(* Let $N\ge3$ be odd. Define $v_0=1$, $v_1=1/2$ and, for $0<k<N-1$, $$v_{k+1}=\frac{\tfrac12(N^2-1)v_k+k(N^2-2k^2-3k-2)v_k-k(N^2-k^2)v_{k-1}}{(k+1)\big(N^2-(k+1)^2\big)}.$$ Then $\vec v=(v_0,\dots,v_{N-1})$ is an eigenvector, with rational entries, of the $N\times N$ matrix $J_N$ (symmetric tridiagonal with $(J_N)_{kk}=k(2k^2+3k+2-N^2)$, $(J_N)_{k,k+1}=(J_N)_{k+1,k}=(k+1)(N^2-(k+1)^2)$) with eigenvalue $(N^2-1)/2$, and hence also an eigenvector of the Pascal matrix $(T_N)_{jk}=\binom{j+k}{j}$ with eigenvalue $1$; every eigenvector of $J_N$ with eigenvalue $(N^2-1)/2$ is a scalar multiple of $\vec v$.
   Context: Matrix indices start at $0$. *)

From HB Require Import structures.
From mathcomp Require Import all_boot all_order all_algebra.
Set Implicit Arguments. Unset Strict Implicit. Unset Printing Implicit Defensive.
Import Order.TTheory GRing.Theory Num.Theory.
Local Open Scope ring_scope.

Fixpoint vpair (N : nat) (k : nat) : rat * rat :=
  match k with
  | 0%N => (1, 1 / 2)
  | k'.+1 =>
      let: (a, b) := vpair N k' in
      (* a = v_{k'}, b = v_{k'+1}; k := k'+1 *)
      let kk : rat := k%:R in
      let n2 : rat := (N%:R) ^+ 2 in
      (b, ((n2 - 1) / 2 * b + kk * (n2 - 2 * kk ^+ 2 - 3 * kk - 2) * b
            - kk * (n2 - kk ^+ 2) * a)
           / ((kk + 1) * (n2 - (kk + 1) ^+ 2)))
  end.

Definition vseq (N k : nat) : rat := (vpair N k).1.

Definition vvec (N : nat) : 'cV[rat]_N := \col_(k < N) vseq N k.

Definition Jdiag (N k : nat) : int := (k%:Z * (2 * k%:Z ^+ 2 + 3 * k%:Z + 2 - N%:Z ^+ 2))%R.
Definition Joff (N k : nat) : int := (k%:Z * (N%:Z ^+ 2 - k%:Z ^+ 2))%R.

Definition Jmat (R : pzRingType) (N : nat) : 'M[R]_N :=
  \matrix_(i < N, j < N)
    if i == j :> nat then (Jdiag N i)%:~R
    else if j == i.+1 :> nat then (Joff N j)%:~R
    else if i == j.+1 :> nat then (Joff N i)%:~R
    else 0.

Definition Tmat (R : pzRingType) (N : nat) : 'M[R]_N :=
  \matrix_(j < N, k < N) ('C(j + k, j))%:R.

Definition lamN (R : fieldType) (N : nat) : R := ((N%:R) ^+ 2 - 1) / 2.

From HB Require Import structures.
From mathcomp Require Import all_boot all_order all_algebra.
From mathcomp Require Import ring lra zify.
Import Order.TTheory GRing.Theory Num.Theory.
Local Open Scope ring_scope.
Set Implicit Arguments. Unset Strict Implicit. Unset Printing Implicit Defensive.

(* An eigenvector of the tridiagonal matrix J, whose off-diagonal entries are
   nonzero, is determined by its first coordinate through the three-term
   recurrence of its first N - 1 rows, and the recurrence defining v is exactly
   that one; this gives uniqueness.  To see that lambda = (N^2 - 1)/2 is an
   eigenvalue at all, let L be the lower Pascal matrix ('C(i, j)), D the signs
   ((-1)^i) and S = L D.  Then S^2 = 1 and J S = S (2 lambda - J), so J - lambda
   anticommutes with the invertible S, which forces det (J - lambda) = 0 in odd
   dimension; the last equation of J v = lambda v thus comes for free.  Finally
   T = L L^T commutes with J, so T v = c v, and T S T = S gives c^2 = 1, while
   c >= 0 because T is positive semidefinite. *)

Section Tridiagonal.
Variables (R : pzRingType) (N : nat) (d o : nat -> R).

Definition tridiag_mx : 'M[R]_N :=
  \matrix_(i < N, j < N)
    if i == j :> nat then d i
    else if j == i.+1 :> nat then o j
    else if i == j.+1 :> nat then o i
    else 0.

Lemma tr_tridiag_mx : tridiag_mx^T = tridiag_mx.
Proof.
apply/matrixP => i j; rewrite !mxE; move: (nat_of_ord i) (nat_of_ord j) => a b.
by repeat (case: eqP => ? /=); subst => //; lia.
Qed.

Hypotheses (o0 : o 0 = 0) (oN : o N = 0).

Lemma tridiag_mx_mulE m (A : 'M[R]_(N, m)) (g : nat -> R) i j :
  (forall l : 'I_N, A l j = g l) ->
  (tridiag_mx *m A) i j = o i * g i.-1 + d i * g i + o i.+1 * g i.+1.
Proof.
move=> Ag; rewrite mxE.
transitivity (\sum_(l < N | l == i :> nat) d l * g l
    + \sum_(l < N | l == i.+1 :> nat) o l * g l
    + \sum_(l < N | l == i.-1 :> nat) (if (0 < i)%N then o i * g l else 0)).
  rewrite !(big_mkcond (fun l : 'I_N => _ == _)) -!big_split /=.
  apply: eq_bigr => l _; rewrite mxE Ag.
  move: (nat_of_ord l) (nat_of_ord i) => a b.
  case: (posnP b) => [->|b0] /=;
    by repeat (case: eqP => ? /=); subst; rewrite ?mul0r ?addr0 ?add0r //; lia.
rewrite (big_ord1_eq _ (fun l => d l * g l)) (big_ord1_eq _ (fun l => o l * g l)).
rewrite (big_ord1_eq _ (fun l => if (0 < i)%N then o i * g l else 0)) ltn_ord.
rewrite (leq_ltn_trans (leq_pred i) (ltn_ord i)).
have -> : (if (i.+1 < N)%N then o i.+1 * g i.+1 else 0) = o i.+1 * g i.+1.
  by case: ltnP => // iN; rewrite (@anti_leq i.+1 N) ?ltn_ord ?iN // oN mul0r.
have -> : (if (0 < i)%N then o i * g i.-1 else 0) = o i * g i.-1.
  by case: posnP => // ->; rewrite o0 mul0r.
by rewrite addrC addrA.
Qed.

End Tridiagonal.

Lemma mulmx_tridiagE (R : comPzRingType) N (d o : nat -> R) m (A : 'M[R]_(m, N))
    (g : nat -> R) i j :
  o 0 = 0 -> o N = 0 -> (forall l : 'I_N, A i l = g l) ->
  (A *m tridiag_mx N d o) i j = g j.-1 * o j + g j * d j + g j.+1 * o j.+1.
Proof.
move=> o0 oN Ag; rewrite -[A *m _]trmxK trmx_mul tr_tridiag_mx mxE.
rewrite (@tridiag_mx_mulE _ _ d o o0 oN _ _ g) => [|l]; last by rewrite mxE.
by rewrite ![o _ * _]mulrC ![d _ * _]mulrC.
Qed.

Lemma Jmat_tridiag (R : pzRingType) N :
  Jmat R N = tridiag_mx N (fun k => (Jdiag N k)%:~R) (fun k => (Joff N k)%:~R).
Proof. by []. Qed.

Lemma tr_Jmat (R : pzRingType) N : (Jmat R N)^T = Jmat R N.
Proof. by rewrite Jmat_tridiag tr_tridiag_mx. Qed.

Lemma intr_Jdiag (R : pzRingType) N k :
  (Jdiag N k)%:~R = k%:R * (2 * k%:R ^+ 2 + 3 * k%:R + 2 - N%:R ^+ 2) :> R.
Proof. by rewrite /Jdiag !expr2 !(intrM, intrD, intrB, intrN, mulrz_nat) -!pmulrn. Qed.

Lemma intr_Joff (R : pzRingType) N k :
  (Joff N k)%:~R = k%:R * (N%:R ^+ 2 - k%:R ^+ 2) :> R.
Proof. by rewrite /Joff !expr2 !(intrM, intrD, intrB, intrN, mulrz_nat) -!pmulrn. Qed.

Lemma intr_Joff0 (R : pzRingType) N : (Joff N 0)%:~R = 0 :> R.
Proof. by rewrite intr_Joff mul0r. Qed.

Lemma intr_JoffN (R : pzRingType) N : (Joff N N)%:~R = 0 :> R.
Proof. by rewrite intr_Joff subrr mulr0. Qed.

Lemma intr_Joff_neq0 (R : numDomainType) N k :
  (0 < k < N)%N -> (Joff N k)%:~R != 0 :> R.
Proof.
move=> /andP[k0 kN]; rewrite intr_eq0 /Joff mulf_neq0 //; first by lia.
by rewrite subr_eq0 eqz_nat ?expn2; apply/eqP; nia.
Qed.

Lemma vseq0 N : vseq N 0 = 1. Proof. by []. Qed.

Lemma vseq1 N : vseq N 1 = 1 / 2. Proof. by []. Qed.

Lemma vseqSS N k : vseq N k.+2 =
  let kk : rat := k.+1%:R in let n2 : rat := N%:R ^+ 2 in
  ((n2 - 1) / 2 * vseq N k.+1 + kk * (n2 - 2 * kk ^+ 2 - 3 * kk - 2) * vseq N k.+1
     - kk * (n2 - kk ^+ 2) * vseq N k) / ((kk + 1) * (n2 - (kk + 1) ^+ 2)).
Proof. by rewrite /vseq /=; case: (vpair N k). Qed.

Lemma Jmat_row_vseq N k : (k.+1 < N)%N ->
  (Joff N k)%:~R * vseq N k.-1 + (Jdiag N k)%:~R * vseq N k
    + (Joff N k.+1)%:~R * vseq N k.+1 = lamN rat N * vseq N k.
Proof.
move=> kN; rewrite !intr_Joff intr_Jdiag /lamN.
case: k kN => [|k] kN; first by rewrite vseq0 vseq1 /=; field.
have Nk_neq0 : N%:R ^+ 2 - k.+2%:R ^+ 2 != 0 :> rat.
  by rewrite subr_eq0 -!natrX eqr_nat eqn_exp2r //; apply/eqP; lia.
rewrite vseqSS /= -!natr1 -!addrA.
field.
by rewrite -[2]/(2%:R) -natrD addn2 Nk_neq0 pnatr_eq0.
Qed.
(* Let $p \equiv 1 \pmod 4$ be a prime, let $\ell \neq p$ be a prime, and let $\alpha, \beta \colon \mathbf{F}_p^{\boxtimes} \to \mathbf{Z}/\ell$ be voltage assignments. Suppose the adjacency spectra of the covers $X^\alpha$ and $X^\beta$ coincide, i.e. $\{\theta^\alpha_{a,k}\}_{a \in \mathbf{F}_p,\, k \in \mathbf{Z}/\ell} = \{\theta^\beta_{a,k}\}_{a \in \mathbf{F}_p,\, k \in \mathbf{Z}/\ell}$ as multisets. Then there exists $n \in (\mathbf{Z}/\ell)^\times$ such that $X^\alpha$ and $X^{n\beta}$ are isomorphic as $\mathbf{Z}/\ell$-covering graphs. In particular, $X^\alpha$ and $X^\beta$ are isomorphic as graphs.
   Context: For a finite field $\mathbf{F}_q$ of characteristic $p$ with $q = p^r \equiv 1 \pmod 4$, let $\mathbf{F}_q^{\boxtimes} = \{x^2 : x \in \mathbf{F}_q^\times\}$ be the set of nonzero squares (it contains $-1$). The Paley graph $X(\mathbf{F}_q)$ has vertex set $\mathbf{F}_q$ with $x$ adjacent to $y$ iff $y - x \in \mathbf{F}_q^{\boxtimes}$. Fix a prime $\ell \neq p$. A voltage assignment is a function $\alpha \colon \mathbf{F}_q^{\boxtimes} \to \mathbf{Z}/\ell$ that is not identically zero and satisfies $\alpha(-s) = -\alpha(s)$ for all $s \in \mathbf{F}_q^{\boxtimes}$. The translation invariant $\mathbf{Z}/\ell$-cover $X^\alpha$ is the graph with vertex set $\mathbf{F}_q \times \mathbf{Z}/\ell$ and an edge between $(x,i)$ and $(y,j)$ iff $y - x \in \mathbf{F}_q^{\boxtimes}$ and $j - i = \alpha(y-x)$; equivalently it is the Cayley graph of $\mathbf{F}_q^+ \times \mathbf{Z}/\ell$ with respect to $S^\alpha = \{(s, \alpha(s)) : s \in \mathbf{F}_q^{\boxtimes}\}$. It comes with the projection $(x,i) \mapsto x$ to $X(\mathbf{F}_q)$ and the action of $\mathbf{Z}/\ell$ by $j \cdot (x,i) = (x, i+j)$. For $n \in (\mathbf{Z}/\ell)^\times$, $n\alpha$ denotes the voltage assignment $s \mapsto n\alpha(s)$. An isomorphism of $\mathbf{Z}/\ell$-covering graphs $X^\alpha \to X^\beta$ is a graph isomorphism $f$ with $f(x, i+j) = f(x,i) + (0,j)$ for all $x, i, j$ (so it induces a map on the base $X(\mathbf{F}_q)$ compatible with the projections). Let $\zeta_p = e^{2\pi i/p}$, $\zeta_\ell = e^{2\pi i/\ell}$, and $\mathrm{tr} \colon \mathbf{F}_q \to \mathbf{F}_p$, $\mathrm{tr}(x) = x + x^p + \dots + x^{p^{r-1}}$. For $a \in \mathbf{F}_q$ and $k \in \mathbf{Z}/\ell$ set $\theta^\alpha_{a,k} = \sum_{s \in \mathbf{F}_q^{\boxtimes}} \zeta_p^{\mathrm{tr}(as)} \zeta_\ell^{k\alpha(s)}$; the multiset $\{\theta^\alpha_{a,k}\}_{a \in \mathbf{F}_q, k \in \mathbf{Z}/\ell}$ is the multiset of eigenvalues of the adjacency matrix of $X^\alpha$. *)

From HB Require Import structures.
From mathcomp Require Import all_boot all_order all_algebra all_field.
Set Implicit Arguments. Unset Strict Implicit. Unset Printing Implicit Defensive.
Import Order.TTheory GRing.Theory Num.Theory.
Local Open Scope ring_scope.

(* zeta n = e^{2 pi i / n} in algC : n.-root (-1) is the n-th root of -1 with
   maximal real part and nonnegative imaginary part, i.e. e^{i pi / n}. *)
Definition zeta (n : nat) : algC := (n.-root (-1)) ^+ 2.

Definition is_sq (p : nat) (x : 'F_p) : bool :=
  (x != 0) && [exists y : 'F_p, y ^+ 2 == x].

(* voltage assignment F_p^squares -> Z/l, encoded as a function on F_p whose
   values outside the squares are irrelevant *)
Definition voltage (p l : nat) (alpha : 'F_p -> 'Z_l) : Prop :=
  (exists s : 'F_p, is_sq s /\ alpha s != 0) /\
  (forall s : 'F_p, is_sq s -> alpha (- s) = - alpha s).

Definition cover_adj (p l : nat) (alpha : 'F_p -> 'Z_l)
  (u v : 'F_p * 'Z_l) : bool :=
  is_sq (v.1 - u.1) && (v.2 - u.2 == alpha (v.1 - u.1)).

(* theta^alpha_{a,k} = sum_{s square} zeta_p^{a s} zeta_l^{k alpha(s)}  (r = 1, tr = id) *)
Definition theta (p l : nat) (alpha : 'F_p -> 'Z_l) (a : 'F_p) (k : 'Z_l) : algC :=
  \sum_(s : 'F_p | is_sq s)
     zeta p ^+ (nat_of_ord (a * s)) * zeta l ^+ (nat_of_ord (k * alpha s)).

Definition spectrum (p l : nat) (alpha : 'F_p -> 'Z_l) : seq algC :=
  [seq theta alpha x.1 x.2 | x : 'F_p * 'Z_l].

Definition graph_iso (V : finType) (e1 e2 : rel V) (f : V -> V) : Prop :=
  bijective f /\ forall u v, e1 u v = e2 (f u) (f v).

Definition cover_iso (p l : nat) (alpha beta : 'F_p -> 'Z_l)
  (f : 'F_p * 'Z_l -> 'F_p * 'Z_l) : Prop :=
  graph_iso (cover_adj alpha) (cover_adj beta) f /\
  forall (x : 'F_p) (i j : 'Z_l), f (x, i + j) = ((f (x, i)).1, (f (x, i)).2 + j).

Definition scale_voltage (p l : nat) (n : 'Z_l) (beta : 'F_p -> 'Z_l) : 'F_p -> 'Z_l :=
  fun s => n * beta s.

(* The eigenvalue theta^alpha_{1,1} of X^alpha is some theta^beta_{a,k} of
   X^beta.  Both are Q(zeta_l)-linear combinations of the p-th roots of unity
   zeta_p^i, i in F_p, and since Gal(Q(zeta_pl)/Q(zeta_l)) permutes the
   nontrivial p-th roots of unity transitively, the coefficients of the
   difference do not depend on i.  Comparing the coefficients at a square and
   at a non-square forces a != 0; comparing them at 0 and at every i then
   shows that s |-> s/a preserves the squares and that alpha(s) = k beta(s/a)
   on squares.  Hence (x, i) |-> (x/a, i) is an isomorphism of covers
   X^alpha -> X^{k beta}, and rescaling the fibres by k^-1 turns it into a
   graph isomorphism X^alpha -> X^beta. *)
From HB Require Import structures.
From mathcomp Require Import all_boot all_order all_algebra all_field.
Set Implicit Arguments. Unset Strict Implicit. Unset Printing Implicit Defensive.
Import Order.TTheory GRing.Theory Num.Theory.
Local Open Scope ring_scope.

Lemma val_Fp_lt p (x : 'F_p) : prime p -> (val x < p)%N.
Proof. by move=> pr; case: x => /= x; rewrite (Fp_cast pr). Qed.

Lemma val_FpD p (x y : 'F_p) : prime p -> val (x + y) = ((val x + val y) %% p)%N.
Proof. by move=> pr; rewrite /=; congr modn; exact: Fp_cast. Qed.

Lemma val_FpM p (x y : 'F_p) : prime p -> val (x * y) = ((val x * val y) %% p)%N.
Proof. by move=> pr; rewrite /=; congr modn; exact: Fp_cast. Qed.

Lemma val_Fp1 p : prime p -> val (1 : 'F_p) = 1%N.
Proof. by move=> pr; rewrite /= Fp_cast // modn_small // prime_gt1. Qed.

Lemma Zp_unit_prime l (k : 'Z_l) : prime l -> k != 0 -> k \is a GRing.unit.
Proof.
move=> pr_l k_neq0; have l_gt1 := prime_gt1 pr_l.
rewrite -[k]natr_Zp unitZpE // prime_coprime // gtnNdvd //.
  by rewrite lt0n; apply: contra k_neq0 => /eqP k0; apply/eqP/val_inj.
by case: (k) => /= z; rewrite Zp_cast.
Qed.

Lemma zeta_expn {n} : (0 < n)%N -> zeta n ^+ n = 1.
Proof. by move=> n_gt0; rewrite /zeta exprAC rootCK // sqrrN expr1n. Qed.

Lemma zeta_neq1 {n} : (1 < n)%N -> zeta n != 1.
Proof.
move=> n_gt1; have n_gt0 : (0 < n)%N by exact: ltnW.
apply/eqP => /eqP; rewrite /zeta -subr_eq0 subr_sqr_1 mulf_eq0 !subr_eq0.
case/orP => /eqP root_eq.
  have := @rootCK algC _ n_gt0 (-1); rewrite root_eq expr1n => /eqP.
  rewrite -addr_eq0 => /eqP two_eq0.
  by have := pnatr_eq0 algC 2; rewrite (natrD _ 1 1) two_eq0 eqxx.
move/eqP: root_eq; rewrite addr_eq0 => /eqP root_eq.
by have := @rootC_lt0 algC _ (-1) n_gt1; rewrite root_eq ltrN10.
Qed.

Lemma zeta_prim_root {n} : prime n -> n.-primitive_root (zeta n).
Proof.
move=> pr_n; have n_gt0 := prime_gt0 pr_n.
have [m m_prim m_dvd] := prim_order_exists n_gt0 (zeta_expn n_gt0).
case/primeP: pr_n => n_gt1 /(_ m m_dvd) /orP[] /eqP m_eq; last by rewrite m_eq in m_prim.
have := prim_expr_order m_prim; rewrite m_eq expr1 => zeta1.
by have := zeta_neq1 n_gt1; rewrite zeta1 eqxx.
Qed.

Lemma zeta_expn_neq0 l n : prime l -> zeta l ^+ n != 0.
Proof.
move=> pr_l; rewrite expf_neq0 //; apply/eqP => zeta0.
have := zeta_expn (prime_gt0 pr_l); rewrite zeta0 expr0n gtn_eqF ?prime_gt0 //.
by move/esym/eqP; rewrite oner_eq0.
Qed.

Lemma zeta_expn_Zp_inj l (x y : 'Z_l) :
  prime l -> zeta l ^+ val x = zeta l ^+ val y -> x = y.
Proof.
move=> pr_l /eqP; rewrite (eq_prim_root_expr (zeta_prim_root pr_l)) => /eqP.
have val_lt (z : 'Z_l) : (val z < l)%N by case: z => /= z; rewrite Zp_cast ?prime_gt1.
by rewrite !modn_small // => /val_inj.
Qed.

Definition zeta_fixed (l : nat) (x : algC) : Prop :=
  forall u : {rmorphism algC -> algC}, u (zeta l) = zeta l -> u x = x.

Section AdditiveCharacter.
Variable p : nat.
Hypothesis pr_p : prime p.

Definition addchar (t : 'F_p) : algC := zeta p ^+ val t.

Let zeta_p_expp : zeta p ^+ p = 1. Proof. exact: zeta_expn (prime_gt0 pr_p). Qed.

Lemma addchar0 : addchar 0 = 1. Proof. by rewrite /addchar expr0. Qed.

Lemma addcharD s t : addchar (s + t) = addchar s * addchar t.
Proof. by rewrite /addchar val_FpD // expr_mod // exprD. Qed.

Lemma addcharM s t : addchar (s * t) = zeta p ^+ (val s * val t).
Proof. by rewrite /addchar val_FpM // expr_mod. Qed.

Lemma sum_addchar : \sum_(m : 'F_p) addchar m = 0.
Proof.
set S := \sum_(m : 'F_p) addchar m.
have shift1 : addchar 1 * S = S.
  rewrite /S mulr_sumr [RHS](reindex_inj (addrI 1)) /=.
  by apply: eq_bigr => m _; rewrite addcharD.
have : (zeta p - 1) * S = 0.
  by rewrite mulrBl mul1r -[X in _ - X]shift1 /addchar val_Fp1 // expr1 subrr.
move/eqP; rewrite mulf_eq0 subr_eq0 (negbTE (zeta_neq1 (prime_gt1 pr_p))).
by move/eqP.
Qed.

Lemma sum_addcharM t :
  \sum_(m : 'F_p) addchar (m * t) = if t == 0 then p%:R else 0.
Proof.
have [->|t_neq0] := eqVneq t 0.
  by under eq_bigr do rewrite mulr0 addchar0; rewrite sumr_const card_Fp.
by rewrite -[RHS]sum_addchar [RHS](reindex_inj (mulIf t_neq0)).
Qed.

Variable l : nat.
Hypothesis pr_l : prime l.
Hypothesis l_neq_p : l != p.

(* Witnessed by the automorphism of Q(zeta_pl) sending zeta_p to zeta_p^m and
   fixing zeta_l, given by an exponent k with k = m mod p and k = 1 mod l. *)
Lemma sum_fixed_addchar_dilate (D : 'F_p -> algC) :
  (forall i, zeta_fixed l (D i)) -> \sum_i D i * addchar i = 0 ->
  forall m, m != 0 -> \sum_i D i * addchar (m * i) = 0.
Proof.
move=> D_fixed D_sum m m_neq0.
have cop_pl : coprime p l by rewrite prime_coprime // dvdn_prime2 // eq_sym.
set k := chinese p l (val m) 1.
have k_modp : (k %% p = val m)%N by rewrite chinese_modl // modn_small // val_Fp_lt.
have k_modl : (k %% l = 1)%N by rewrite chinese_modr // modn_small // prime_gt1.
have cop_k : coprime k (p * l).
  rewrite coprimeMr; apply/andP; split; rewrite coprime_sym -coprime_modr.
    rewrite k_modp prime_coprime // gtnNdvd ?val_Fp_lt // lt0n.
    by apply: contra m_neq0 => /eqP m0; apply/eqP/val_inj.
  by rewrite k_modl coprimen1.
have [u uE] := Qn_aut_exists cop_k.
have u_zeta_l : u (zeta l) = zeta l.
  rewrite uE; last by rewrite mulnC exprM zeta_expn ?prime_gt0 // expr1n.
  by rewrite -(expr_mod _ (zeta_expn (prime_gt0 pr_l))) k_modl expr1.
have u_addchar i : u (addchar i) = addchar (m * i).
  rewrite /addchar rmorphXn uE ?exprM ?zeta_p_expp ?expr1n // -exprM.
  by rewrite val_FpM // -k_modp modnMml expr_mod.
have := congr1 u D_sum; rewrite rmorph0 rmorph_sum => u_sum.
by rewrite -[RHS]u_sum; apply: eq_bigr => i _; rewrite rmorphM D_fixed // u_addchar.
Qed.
--------------------------------
ASSIGNMENT
Print exactly the line containing "have := congr1" and every line after it through the end of the records above, and nothing else.

YOUR RESPONSE
have := congr1 u D_sum; rewrite rmorph0 rmorph_sum => u_sum.
by rewrite -[RHS]u_sum; apply: eq_bigr => i _; rewrite rmorphM D_fixed // u_addchar.
Qed.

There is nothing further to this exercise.